The P&C reserving dashboard answers the retrospective question: how much to reserve for claims that have already occurred but haven’t been fully paid (IBNR). GMM Explorer answers the prospective counterpart: how much to charge before any claim occurs. They are the left and right sides of the same actuarial balance sheet.

Insurance pricing with ML applies the same frequency-severity decomposition to auto insurance using GLMs and gradient boosting on the freMTPL2 dataset. The methodological difference is substantive: in auto, risk segmentation comes from driver and vehicle characteristics; in GMM, the most important differentiator is the type of medical event. GMM Explorer adds the hospitalization level dimension and uses AI classification as the segmentation method rather than model input variables.

The auto insurance platform uses the same Frequency × Severity product for pricing, on synthetic data calibrated to the Mexican market. The tail difference matters: in auto, claim development closes in four years; in GMM, chronic conditions can generate claims for years. That asymmetry in the development pattern is one reason GMM reserve models are more complex than property-casualty models.

Limitations and next steps

Claude AI classification at 82.5% average confidence is materially better than the Random Forest’s 59%, but it hasn’t been validated against an external standard such as certified medical coders or the official ICD-10 catalog. The remaining 17.5% of lower-confidence classifications is an error source that could concentrate in infrequent diagnoses or non-standard terminology, exactly where the impact on a pricing cell could be largest.

The age range 25–70 excludes two segments with very different behavior: pediatrics, where ambulatory claims dominate and frequencies are high but severities low; and the over-70 population, where Level 3 becomes dominant and premiums grow on a slope that the central range data doesn’t capture well.

The current tariff calculator doesn’t model product structure. Suma asegurada, deductible, coinsurance, and network type all materially modify the technical premium. A closed-network plan with a $20,000 peso deductible has a very different risk profile than an open-network plan with first-peso coverage. That parametrization layer is necessary to move from a reference price to a commercially usable tariff.

Credibility was applied as a binary threshold (30 or more claims, full credit). The Bühlmann-Straub approach would give a continuous credibility factor Z=n/(n+k)Z = n / (n + k) that acknowledges the difference between a cell with 50 claims and one with 500, instead of treating them identically.

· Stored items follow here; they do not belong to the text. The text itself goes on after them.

(* Let $M$ be a Kripke model with yesterday and $U$ an action model over $L_{\mathsf{DETL}}$, and suppose $M,w^*\models\mathrm{pre}^U(s^* )$ for some $w^*\in W^M$ and $s^*\in W^U$ (so $M[U]$ is a Kripke model). Then: (a) If $M$ satisfies persistence of facts, then so does $M[U]$. (b) If $M$ and $U$ are depth-defined, then so is $M[U]$. (c) If $M$ and $U$ satisfy knowledge of the past and $U$ is history preserving, then $M[U]$ satisfies knowledge of the past. (d) If $M$ satisfies knowledge of the initial time and $U$ is history preserving, then $M[U]$ satisfies knowledge of the initial time. (e) If $M$ and $U$ satisfy uniqueness of the past, then so does $M[U]$. (f) If $M$ and $U$ satisfy perfect recall and $U$ is history preserving, then $M[U]$ satisfies perfect recall. (g) If $M$ and $U$ are synchronous and $U$ is history preserving, then $M[U]$ is synchronous.
   Context: Fix a nonempty finite set $\mathsf{Agt}$ of agents and a nonempty set $\mathsf{Prop}$ of letters. A Kripke model (with yesterday) is $M=(W^M,(\to^M_a)_{a\in\mathsf{Agt}},\leadsto^M,V^M)$ with $W^M$ a nonempty set, binary relations $\to^M_a,\leadsto^M$ on $W^M$ ($w'\leadsto w$: $w'$ is a yesterday of $w$), $V^M:\mathsf{Prop}\to\mathcal P(W^M)$. An action model over a set $F$ of formulas is $U=(W^U,(\to^U_a)_a,\leadsto^U,\mathrm{pre}^U)$ with $W^U$ nonempty finite, binary relations $\to^U_a,\leadsto^U$, and $\mathrm{pre}^U:W^U\to F$. An event $s$ is a past state if there is no $s'\leadsto^Us$. $L_{\mathsf{DETL}}$ (with action models over it) is given by $\varphi::=p\mid\neg\varphi\mid\varphi\wedge\varphi\mid\Box_a\varphi\mid[Y]\varphi\mid[U,s]\varphi$. Semantics: Boolean standard; $M,w\models\Box_a\varphi$ iff $\varphi$ holds at all $v$ with $w\to^M_av$; $M,w\models[Y]\varphi$ iff $\varphi$ holds at all $v\leadsto^Mw$; $M,w\models[U,s]\varphi$ iff $M,w\models\mathrm{pre}^U(s)$ implies $M[U],(w,s)\models\varphi$. The product $M[U]$ has worlds $\{(v,t)\in W^M\times W^U:M,v\models\mathrm{pre}^U(t)\}$, $(v,t)\to_a(v',t')$ iff $v\to^M_av'$ and $t\to^U_at'$, $(v',t')\leadsto(v,t)$ iff ($v'\leadsto^Mv$, $t'=t$, $t$ a past state) or ($v'=v$, $t'\leadsto^Ut$), and $(v,t)\in V(p)$ iff $v\in V^M(p)$. $\models\varphi$ means truth at all pointed Kripke models. A progression is a finite nonempty sequence $x_0,\dots,x_n$ with $x_i\leadsto x_{i+1}$, of length $n$; a history is a progression that cannot be extended by adding elements at the beginning. $\mathrm{depth}(x)$ is the maximum length of a history ending at $x$ if the maximum exists, else $\infty$. The following apply to Kripke models or action models (with worlds/events $w,v,\dots$), except where noted: Persistence of facts (Kripke models only): $w\leadsto w'$ implies ($w\in V(p)\iff w'\in V(p)$) for all $p$. Depth-definedness: $\mathrm{depth}(w)\ne\infty$ for all $w$. Knowledge of the past: $w'\leadsto w\to_a v$ implies there is $v'$ with $v'\leadsto v$. Knowledge of the initial time: if $w\to_av$ and there is no $w'\leadsto w$ then there is no $v'\leadsto v$. Uniqueness of the past: $w'\leadsto w$ and $w''\leadsto w$ imply $w'=w''$. Perfect recall: $w\leadsto v\to_a v'$ implies there is $w'$ with $w\to_aw'\leadsto v'$. Synchronicity: the structure is depth-defined and $w\to_aw'$ implies $\mathrm{depth}(w)=\mathrm{depth}(w')$. An epistemic past state of $U$ is a past state $s$ with $\models\mathrm{pre}^U(s)$ whose only outgoing epistemic arrows are the reflexive arrows $s\to^U_as$ for each $a\in\mathsf{Agt}$. History preservation (action models only): $s'\leadsto^Us$ implies $\models\mathrm{pre}^U(s)\to\mathrm{pre}^U(s')$, and every past state of $U$ is an epistemic past state. *)

From mathcomp Require Import all_boot.
Unset Printing Implicit Defensive.

Section Logic.
Context {Agt : finType}.
Context {Letter : Type}.
(* Let $H=(V,E)$ be a (possibly infinite) hypergraph and let $(V_1,E_1)$ and $(V_2,E_2)$ be subhypergraphs of $H$ (so each hyperedge in $E_i$ is a subset of $V_i$) with $V_1\cup V_2=V$, $V_1\cap V_2=\{v\}$ for a single vertex $v$, and $E=E_1\cup E_2$. In the maker–breaker game in which maker moves first, maker can win on $(V,E)$ if and only if at least one of the following holds: (1) maker can win the maker–breaker game on $(V_1,E_1)$; (2) maker can win the maker–breaker game on $(V_2,E_2)$; (3) for both $i=1$ and $i=2$, maker can win the game on $(V_i,E_i)$ started from the position in which $v$ is already colored with maker's color and maker makes the next move.
   Context: The maker–breaker game on a hypergraph $(V,E)$: two players, maker and breaker, alternately color one previously uncolored vertex with their own color (here maker moves first unless a different starting position is specified). Maker wins if at some finite stage all vertices of some hyperedge are maker-colored; breaker wins otherwise. ''Maker can win'' means maker has a strategy guaranteeing a win regardless of breaker's play. *)

(* Vertices live in a type V; a game is given by a vertex set Vs : V -> Prop,
   a set of hyperedges Es : (V -> Prop) -> Prop, and an initial set M0 of
   maker-colored vertices; maker moves next.  A history h : list V lists the
   moves made so far, in order; moves at even positions are maker's. *)
From Stdlib Require Import List Arith.
Import ListNotations.
Set Implicit Arguments.

Section Game.
Variable V : Type.

Definition legal (Vs M0 : V -> Prop) (h : list V) : Prop :=
  forall k x, nth_error h k = Some x ->
    Vs x /\ ~ M0 x /\ ~ In x (firstn k h).
(* Let $\Lambda$ be a singly aligned left cancellative small category. Then \[S_\Lambda=\{\alpha\beta^*:\alpha,\beta\in\Lambda,\ s(\alpha)=s(\beta)\}\cup\{0\}.\] Moreover, for $\alpha,\beta,\gamma,\tau\in\Lambda$ with $s(\alpha)=s(\beta)$ and $s(\gamma)=s(\tau)$, we have $\alpha\beta^*=\gamma\tau^*$ if and only if there is an invertible $u\in\Lambda$ with $\alpha u=\gamma$ and $\beta u=\tau$. The product in $S_\Lambda$ is given by \[\alpha\beta^*\gamma\tau^*=\begin{cases}\alpha\gamma_1(\tau\beta_1)^* & \text{if }\beta\Lambda\cap\gamma\Lambda=\rho\Lambda\text{ with }\rho=\beta\beta_1=\gamma\gamma_1,\\ 0&\text{otherwise,}\end{cases}\] and all products involving $0$ equal $0$.
   Context: $\Lambda$ is a small category (objects $\Lambda^0$, range $r$, source $s$), left cancellative ($\alpha\beta=\alpha\gamma\Rightarrow\beta=\gamma$), and singly aligned: for all $\alpha,\beta$, $\alpha\Lambda\cap\beta\Lambda$ is either empty or equal to $\rho\Lambda$ for some $\rho\in\Lambda$, where $\alpha\Lambda=\{\alpha\beta:s(\alpha)=r(\beta)\}$. An element $u$ is invertible if $uv=r(u)$ for some $v$. Each $\alpha\in\Lambda$ is the partial bijection $s(\alpha)\Lambda\to\alpha\Lambda$, $\beta\mapsto\alpha\beta$, in the symmetric inverse monoid $\mathcal{I}(\Lambda)$ (composition on largest possible domain, zero = empty map $0$), with inverse $\alpha^*:\alpha\beta\mapsto\beta$; $S_\Lambda$ is the inverse subsemigroup of $\mathcal{I}(\Lambda)$ generated by these maps, and $\alpha\beta^*$ denotes composition. *)

(* A small category in "path" convention: [comp a b] is the composite "a b",
   defined (meaningful) when [s a = r b]; [r] = range, [s] = source. *)
Record Cat := {
  Ob : Type;
  Mor : Type;
  r : Mor -> Ob;
  s : Mor -> Ob;
  idm : Ob -> Mor;
  comp : Mor -> Mor -> Mor;
  r_idm : forall v, r (idm v) = v;
  s_idm : forall v, s (idm v) = v;
  r_comp : forall a b, s a = r b -> r (comp a b) = r a;
  s_comp : forall a b, s a = r b -> s (comp a b) = s b;
  comp_idl : forall a, comp (idm (r a)) a = a;
  comp_idr : forall a, comp a (idm (s a)) = a;
  comp_assoc : forall a b c, s a = r b -> s b = r c ->
      comp a (comp b c) = comp (comp a b) c
}.

Arguments r {c0}.
Arguments s {c0}.
Arguments idm {c0}.
Arguments comp {c0}.

Definition rideal {C : Cat} (a : Mor C) : Mor C -> Prop :=
  fun x => exists b, s a = r b /\ x = comp a b.

Definition left_cancellative (C : Cat) : Prop :=
  forall a b c : Mor C, s a = r b -> s a = r c -> comp a b = comp a c -> b = c.

Definition singly_aligned (C : Cat) : Prop :=
  forall a b : Mor C,
    (forall x, ~ (rideal a x /\ rideal b x)) \/
    (exists rho : Mor C, forall x, (rideal a x /\ rideal b x) <-> rideal rho x).

Definition invertible {C : Cat} (u : Mor C) : Prop :=
  exists v, s u = r v /\ comp u v = idm (r u).

(* Partial maps on a set X, represented by their graphs: [f x y] means f x = y. *)
Definition pmap (X : Type) := X -> X -> Prop.

(* composition f g = "f after g", on the largest possible domain *)
Definition pcomp {X} (f g : pmap X) : pmap X := fun x z => exists y, g x y /\ f y z.
Definition pinv {X} (f : pmap X) : pmap X := fun x y => f y x.
Definition pzero {X} : pmap X := fun _ _ => False.

(* alpha as the partial bijection s(alpha)Lambda -> alpha Lambda, beta |-> alpha beta *)
Definition embed {C : Cat} (a : Mor C) : pmap (Mor C) :=
  fun x y => r x = s a /\ y = comp a x.
Definition adj {C : Cat} (a : Mor C) : pmap (Mor C) := pinv (embed a).

(* S_Lambda: inverse subsemigroup (with zero) of I(Lambda) generated by the maps alpha *)
Inductive inS (C : Cat) : pmap (Mor C) -> Prop :=
  | inS_gen : forall a : Mor C, inS C (embed a)
  | inS_zero : inS C pzero
  | inS_mul : forall f g, inS C f -> inS C g -> inS C (pcomp f g)
  | inS_inv : forall f, inS C f -> inS C (pinv f).

(* Everything happens inside the inverse monoid of partial maps: [alpha beta^*]
   and [gamma tau^*] compose through [beta^* gamma], and left cancellation
   identifies [beta^* gamma] with [gamma_1 beta_1^*] when
   [beta Lambda ∩ gamma Lambda = rho Lambda], [rho = beta gamma_1 = gamma beta_1],
   and with [0] when the intersection is empty.  So the set of all
   [alpha beta^*] together with [0] is closed under products and inverses,
   and, containing the generators [alpha = alpha s(alpha)^*], it is [S_Lambda].
   Evaluating [alpha beta^*] at [beta] shows that equal elements differ by a
   right factor, which left cancellation forces to be invertible. *)

From Stdlib Require Import FunctionalExtensionality PropExtensionality.

Lemma pmap_ext {X} (f g : pmap X) : (forall x y, f x y <-> g x y) -> f = g.
Proof.
  intros Hfg.
  apply functional_extensionality; intro x.
  apply functional_extensionality; intro y.
  apply propositional_extensionality, Hfg.
Qed.

Section PartialMaps.

Context {X : Type}.
Implicit Types f g h : pmap X.

Lemma pcomp_assoc f g h : pcomp f (pcomp g h) = pcomp (pcomp f g) h.
Proof. apply pmap_ext; unfold pcomp; firstorder. Qed.

Lemma pinv_pcomp f g : pinv (pcomp f g) = pcomp (pinv g) (pinv f).
Proof. apply pmap_ext; unfold pinv, pcomp; firstorder. Qed.

Lemma pcomp_zero_l f : pcomp pzero f = pzero.
Proof. apply pmap_ext; unfold pcomp, pzero; firstorder. Qed.

Lemma pcomp_zero_r f : pcomp f pzero = pzero.
Proof. apply pmap_ext; unfold pcomp, pzero; firstorder. Qed.

End PartialMaps.

Section Embeddings.

Variable C : Cat.
Implicit Types a b c t u : Mor C.

Lemma rideal_refl a : rideal a a.
Proof. exists (idm (s a)); rewrite r_idm, comp_idr; auto. Qed.

Lemma comp_idm_l v a : r a = v -> comp (idm v) a = a.
Proof. intros <-; apply comp_idl. Qed.

Lemma embed_comp a b : s a = r b -> embed (comp a b) = pcomp (embed a) (embed b).
Proof.
  intros Hab; apply pmap_ext; intros x z; unfold pcomp, embed; split.
  - intros [Hx ->]; rewrite s_comp in Hx by auto.
    exists (comp b x); rewrite r_comp by auto.
    repeat split; auto; symmetry; apply comp_assoc; congruence.
  - intros [y [[Hx ->] [Hy ->]]]; rewrite s_comp by auto.
    split; auto; apply comp_assoc; congruence.
Qed.

Lemma adj_comp a b : s a = r b -> adj (comp a b) = pcomp (adj b) (adj a).
Proof. intros Hab; unfold adj; rewrite embed_comp by auto; apply pinv_pcomp. Qed.

Lemma adj_idm (v : Ob C) : adj (idm v) = embed (idm v).
Proof.
  apply pmap_ext; intros x z; unfold adj, pinv, embed; rewrite s_idm; split;
    intros [Hr ->]; rewrite !(comp_idm_l _ _ Hr); split; auto.
Qed.

Lemma embed_adj_idm a : embed a = pcomp (embed a) (adj (idm (s a))).
Proof.
  rewrite adj_idm, <- embed_comp by (rewrite r_idm; auto).
  now rewrite comp_idr.
Qed.

Lemma pinv_embed_adj a b : pinv (pcomp (embed a) (adj b)) = pcomp (embed b) (adj a).
Proof. apply pinv_pcomp. Qed.

Lemma embed_adj_maps a b : s a = s b -> pcomp (embed a) (adj b) b a.
Proof.
  intros Hab; exists (idm (s b)); unfold adj, pinv, embed.
  rewrite r_idm, comp_idr; split; auto.
  rewrite <- Hab, comp_idr; auto.
Qed.

Lemma embed_adjP a b x z :
  pcomp (embed a) (adj b) x z <->
  exists y, r y = s b /\ r y = s a /\ x = comp b y /\ z = comp a y.
Proof. unfold pcomp, adj, pinv, embed; firstorder. Qed.

Lemma embed_adj_invertible u : invertible u -> pcomp (embed u) (adj u) = embed (idm (r u)).
Proof.
  intros [v [Huv Hid]].
  assert (Hv : s v = r u) by (rewrite <- (s_idm C (r u)), <- Hid, s_comp; auto).
  apply pmap_ext; intros x z; rewrite embed_adjP; unfold embed; rewrite s_idm.
  split.
  - intros [y [Hy [_ [-> ->]]]].
    assert (Hry : r (comp u y) = r u) by (apply r_comp; auto).
    split; [|rewrite comp_idm_l]; auto.
  - intros [Hx ->].
    assert (Hvx : comp u (comp v x) = x).
    { rewrite comp_assoc, Hid by congruence; apply comp_idm_l; auto. }
    exists (comp v x); rewrite r_comp, comp_idm_l, Hvx by congruence.
    repeat split; auto.
Qed.

Lemma embed_adj_comp_invertible a b u :
  s a = s b -> s a = r u -> invertible u ->
  pcomp (embed (comp a u)) (adj (comp b u)) = pcomp (embed a) (adj b).
Proof.
  intros Hab Hau Hu.
  rewrite embed_comp, adj_comp by congruence.
  rewrite <- pcomp_assoc, (pcomp_assoc (embed u)), embed_adj_invertible by auto.
  rewrite pcomp_assoc, <- embed_comp by (rewrite r_idm; auto).
  now rewrite <- Hau, comp_idr.
Qed.

Lemma adj_embed_disjoint b c :
  (forall x, ~ (rideal b x /\ rideal c x)) -> pcomp (adj b) (embed c) = pzero.
Proof.
  intros Hdisj; apply pmap_ext; intros x z; unfold pcomp, adj, pinv, embed, pzero.
  split; [|intros []].
  intros [y [[Hx ->] [Hz Hy]]].
  apply (Hdisj (comp c x)); split; [exists z | exists x]; auto.
Qed.

Lemma embed_adj_mul_disjoint a b c t :
  (forall x, ~ (rideal b x /\ rideal c x)) ->
  pcomp (pcomp (embed a) (adj b)) (pcomp (embed c) (adj t)) = pzero.
Proof.
  intros Hdisj.
  rewrite <- !pcomp_assoc, (pcomp_assoc (adj b)), adj_embed_disjoint by auto.
  now rewrite pcomp_zero_l, pcomp_zero_r.
Qed.

Definition zero_or_embed_adj (f : pmap (Mor C)) : Prop :=
  f = pzero \/ exists a b, s a = s b /\ f = pcomp (embed a) (adj b).

Lemma zero_or_embed_adj_pinv f : zero_or_embed_adj f -> zero_or_embed_adj (pinv f).
Proof.
  intros [-> | [a [b [Hab ->]]]]; [left; reflexivity | right].
  exists b, a; split; auto; apply pinv_embed_adj.
Qed.

Lemma zero_or_embed_adj_inS f : zero_or_embed_adj f -> inS C f.
Proof.
  intros [-> | [a [b [_ ->]]]]; [apply inS_zero|].
  apply inS_mul; [apply inS_gen | apply inS_inv, inS_gen].
Qed.

Section LeftCancellative.

Hypothesis Hlc : left_cancellative C.

Lemma comp_cancel_comp c b1 x m :
  s c = r b1 -> s b1 = r m -> s c = r x ->
  comp c x = comp (comp c b1) m -> x = comp b1 m.
Proof.
  intros Hcb1 Hb1m Hcx Heq; apply (Hlc c); auto.
  - rewrite r_comp; auto.
  - rewrite comp_assoc; auto.
Qed.

Lemma adj_embed_meet b c b1 c1 rho :
  s b = r c1 -> s c = r b1 -> rho = comp b c1 -> rho = comp c b1 ->
  (forall x, (rideal b x /\ rideal c x) <-> rideal rho x) ->
  pcomp (adj b) (embed c) = pcomp (embed c1) (adj b1).
Proof.
  intros Hbc1 Hcb1 Hrho_b Hrho_c Hmeet.
  assert (Hc1 : s rho = s c1) by (rewrite Hrho_b; apply s_comp; auto).
  assert (Hb1 : s rho = s b1) by (rewrite Hrho_c; apply s_comp; auto).
  apply pmap_ext; intros x z; unfold pcomp, adj, pinv, embed; split.
  - intros [y [[Hx ->] [Hz Hy]]].
    destruct (proj1 (Hmeet (comp c x))) as [m [Hm Hcx]].
    { split; [exists z | exists x]; auto. }
    exists m; repeat split; try congruence.
    + apply (comp_cancel_comp c b1); try congruence.
    + apply (comp_cancel_comp b c1); congruence.
  - intros [m [[Hm ->] [Hm' ->]]].
    exists (comp c (comp b1 m)); rewrite !r_comp by congruence.
    repeat split; auto.
    rewrite !comp_assoc, <- Hrho_b, <- Hrho_c by congruence; auto.
Qed.

Lemma embed_adj_eq_invertible a b c t :
  s a = s b -> s c = s t ->
  pcomp (embed a) (adj b) = pcomp (embed c) (adj t) ->
  exists u, invertible u /\ s a = r u /\ comp a u = c /\ comp b u = t.
Proof.
  intros Hab Hct Heq.
  pose proof (embed_adj_maps a b Hab) as Hba; rewrite Heq in Hba.
  pose proof (embed_adj_maps c t Hct) as Htc; rewrite <- Heq in Htc.
  apply embed_adjP in Hba as [y [Hyt [_ [Hb _]]]].
  apply embed_adjP in Htc as [u [Hub [Hua [Ht Hc]]]].
  exists u; repeat split; auto.
  assert (Hsu : s u = r y) by (rewrite Hyt, Ht, s_comp; auto).
  exists y; split; auto.
  apply (Hlc b).
  - rewrite r_comp; auto.
  - rewrite r_idm; auto.
  - rewrite comp_assoc, <- Ht, <- Hb, Hub by auto; symmetry; apply comp_idr.
Qed.

Lemma embed_adj_mul_meet a b c t rho b1 c1 :
  s a = s b -> s c = s t -> s b = r c1 -> s c = r b1 ->
  rho = comp b c1 -> rho = comp c b1 ->
  (forall x, (rideal b x /\ rideal c x) <-> rideal rho x) ->
  pcomp (pcomp (embed a) (adj b)) (pcomp (embed c) (adj t))
  = pcomp (embed (comp a c1)) (adj (comp t b1)).
Proof.
  intros Hab Hct Hbc1 Hcb1 Hrho_b Hrho_c Hmeet.
  rewrite <- !pcomp_assoc, (pcomp_assoc (adj b)).
  rewrite (adj_embed_meet b c b1 c1 rho) by auto.
  rewrite embed_comp, adj_comp by congruence.
  now rewrite <- !pcomp_assoc.
Qed.

Section SinglyAligned.

Hypothesis Hsa : singly_aligned C.

Lemma zero_or_embed_adj_pcomp f g :
  zero_or_embed_adj f -> zero_or_embed_adj g -> zero_or_embed_adj (pcomp f g).
Proof.
  intros [-> | [a [b [Hab ->]]]] [-> | [c [t [Hct ->]]]];
    try (left; first [apply pcomp_zero_l | apply pcomp_zero_r]).
  destruct (Hsa b c) as [Hdisj | [rho Hmeet]].
  - left; apply embed_adj_mul_disjoint; auto.
  - destruct (proj2 (Hmeet rho) (rideal_refl rho)) as [[c1 [Hc1 Hb]] [b1 [Hb1 Hc]]].
    right; exists (comp a c1), (comp t b1); split.
    + rewrite !s_comp by congruence.
      rewrite <- (s_comp C b c1), <- (s_comp C c b1), <- Hb, <- Hc by auto.
      reflexivity.
    + apply (embed_adj_mul_meet a b c t rho); auto.
Qed.

Lemma inS_zero_or_embed_adj f : inS C f -> zero_or_embed_adj f.
Proof.
  induction 1.
  - right; exists a, (idm (s a)); rewrite s_idm; split; auto using embed_adj_idm.
  - left; reflexivity.
  - apply zero_or_embed_adj_pcomp; auto.
  - apply zero_or_embed_adj_pinv; auto.
Qed.

End SinglyAligned.

End LeftCancellative.

End Embeddings.

Theorem lemma4p11 (C : Cat) (Hlc : left_cancellative C) (Hsa : singly_aligned C) :
  (* S_Lambda = { alpha beta^* : s alpha = s beta } U {0} *)
  (forall f : pmap (Mor C),
      inS C f <->
      (f = pzero \/ exists a b : Mor C, s a = s b /\ f = pcomp (embed a) (adj b)))
  /\
  (* equality of alpha beta^* and gamma tau^* *)
  (forall a b c t : Mor C, s a = s b -> s c = s t ->
      (pcomp (embed a) (adj b) = pcomp (embed c) (adj t) <->
       exists u : Mor C, invertible u /\ s a = r u /\ comp a u = c /\ comp b u = t))
  /\
  (* product formula *)
  (forall a b c t : Mor C, s a = s b -> s c = s t ->
      (forall rho b1 c1 : Mor C,
          s b = r c1 -> s c = r b1 ->
          rho = comp b c1 -> rho = comp c b1 ->
          (forall x, (rideal b x /\ rideal c x) <-> rideal rho x) ->
          pcomp (pcomp (embed a) (adj b)) (pcomp (embed c) (adj t))
          = pcomp (embed (comp a c1)) (adj (comp t b1)))
      /\
      ((forall x, ~ (rideal b x /\ rideal c x)) ->
          pcomp (pcomp (embed a) (adj b)) (pcomp (embed c) (adj t)) = pzero))
  /\
  (* products involving 0 *)
  (forall f : pmap (Mor C), inS C f -> pcomp f pzero = pzero /\ pcomp pzero f = pzero).
Proof.
  split; [|split; [|split]].
  - intros f; split.
    + apply inS_zero_or_embed_adj; auto.
    + apply zero_or_embed_adj_inS.
  - intros a b c t Hab Hct; split.
    + apply embed_adj_eq_invertible; auto.
    + intros [u [Hu [Hau [<- <-]]]].
      symmetry; apply embed_adj_comp_invertible; auto.
  - intros a b c t Hab Hct; split.
    + intros rho b1 c1; apply embed_adj_mul_meet; auto.
    + apply embed_adj_mul_disjoint.
  - intros f _; split; [apply pcomp_zero_r | apply pcomp_zero_l].
Qed.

The most important limitation for the next step is distributional. The current pipeline uses average severity per cell, but the average hides what really matters in insurance: the tail. Level 3 almost certainly has heavier tails than Level 1; a single oncology or transplant case can cost orders of magnitude more than its cell mean. Level 2 is open territory: we don’t know the kurtosis or the shape of its severity distribution. Studying those tails would change the pricing system (the risk premium should incorporate a tail loading, not just the mean) and reserve decisions (IBNR reserves depend on the distributional shape, not the average).

What I would do differently with more time: use ICD-10 codes directly for classification, eliminating the ambiguity of free text; model frequency and severity as continuous functions of age, sex, and level using GLM or GBM instead of cell averages; and fit severity distributions by level (Pareto, lognormal, or mixture) to capture the tail, which is where the real risk lives.

Closing

The dashboard is live on Vercel and the code is on GitHub. The full nota técnica is available from the /contexto section of the dashboard.

The analysis points to something beyond this project: when data exists and is large enough, the question of whether a risk distinction is real has an empirical answer. The industry can continue pricing GMM as a single block, but the CNSF data no longer supports the argument that doing so is a harmless simplification.